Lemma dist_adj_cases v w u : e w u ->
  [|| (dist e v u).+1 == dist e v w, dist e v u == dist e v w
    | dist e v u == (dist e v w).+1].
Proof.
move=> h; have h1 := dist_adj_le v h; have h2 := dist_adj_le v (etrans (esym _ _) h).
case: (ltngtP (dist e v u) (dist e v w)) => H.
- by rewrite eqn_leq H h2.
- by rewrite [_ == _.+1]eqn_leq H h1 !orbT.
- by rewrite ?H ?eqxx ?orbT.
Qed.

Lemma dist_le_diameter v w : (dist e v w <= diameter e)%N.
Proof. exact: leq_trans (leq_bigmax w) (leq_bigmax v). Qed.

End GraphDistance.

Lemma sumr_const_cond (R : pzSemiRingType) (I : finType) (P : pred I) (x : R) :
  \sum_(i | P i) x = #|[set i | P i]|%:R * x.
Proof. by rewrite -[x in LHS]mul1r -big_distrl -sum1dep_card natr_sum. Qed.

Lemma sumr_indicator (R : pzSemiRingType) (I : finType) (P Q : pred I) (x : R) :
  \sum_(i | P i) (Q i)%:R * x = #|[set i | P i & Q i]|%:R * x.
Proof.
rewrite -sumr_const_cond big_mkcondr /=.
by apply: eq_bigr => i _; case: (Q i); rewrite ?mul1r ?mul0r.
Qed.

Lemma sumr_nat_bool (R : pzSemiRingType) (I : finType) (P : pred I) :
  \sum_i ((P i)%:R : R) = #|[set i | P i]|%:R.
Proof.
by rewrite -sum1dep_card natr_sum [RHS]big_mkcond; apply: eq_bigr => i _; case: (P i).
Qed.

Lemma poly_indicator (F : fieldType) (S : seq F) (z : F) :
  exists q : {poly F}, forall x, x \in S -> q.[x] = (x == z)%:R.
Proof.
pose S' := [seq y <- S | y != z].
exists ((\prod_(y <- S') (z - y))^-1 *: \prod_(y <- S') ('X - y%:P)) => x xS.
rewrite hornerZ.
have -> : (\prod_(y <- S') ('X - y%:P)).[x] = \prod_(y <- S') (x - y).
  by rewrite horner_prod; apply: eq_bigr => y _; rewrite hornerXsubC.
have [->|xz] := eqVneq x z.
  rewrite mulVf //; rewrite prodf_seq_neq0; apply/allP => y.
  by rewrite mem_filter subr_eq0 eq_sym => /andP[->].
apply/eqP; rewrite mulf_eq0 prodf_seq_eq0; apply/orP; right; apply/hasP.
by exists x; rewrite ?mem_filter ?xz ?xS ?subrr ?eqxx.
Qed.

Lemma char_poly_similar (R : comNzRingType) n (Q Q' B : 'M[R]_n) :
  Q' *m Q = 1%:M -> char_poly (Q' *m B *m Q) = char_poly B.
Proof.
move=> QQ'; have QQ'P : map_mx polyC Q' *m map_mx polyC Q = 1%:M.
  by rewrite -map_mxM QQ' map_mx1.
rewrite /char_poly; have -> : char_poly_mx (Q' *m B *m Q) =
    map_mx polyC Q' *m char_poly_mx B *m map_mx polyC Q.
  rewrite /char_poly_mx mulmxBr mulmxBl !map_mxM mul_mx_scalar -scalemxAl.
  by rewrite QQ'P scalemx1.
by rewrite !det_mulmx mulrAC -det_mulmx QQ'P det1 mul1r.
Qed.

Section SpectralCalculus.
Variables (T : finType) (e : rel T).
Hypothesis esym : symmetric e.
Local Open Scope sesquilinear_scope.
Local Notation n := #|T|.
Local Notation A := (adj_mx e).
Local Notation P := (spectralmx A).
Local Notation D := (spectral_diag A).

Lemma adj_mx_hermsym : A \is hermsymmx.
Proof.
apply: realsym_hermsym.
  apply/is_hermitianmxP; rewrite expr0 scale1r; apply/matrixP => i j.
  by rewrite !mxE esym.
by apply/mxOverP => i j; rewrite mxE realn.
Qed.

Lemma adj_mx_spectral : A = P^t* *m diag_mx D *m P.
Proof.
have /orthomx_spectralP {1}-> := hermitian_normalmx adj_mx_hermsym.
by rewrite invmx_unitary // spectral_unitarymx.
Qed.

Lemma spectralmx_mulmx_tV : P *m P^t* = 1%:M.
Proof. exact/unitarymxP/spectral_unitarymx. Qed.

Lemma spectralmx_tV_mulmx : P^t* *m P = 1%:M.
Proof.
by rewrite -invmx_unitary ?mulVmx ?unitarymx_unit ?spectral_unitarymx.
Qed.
--------------------------------
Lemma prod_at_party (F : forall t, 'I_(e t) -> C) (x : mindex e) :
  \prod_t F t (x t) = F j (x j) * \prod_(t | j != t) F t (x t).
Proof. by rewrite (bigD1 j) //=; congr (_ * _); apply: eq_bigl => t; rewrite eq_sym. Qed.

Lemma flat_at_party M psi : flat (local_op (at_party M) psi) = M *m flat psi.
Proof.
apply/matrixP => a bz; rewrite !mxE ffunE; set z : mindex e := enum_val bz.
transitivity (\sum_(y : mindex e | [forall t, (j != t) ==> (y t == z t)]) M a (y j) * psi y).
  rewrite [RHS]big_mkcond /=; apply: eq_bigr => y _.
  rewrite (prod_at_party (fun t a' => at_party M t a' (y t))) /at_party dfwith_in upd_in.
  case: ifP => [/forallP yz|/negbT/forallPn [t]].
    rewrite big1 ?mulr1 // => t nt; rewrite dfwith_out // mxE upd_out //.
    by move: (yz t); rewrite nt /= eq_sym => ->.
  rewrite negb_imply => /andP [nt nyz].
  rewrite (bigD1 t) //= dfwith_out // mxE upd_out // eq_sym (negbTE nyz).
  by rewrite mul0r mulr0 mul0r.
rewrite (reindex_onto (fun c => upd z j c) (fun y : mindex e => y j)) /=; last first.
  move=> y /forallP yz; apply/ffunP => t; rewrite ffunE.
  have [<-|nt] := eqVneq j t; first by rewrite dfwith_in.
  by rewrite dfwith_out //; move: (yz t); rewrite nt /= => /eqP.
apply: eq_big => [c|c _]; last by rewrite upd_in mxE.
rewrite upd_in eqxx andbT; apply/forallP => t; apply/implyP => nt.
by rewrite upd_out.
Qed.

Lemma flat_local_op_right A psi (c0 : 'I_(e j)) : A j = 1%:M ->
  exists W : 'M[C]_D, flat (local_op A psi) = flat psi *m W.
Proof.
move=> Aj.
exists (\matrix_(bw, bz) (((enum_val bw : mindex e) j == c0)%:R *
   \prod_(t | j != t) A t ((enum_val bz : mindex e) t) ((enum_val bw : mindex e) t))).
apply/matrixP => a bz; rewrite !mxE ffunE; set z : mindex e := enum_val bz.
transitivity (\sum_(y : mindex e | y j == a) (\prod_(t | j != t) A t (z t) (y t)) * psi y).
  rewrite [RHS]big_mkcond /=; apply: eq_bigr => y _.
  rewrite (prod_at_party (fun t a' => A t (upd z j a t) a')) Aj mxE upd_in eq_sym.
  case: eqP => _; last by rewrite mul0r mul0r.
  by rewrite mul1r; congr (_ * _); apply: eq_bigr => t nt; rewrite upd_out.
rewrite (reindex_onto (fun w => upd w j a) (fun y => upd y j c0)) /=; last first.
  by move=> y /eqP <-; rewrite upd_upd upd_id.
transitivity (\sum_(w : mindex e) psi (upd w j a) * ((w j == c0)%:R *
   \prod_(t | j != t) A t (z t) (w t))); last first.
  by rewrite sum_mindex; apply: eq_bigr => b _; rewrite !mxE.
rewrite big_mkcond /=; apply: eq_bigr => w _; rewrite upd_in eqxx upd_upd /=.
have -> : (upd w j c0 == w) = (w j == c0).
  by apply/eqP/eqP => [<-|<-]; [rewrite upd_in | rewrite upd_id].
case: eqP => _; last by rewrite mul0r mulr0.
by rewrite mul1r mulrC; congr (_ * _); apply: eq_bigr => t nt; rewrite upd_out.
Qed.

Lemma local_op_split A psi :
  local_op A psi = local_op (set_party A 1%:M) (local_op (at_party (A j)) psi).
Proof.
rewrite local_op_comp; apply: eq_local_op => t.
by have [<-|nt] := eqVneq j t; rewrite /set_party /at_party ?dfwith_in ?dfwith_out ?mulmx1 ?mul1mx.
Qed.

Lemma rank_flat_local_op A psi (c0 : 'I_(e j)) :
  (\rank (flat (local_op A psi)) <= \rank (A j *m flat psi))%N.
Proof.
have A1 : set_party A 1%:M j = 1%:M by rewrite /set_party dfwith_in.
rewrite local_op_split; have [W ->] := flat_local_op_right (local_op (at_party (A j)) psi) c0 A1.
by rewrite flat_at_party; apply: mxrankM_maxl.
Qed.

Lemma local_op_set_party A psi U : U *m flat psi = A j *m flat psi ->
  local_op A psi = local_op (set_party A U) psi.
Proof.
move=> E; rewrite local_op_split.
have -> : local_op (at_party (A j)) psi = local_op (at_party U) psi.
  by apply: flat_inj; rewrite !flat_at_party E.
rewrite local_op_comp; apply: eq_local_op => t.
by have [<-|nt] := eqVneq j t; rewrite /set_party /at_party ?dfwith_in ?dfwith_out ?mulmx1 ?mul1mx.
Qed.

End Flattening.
--------------------------------
About this task:
Every line holding the word "exact" should be copied out of the material.

Problem solution:
Proof. exact: leq_trans (leq_bigmax w) (leq_bigmax v). Qed.
Proof. exact/unitarymxP/spectral_unitarymx. Qed.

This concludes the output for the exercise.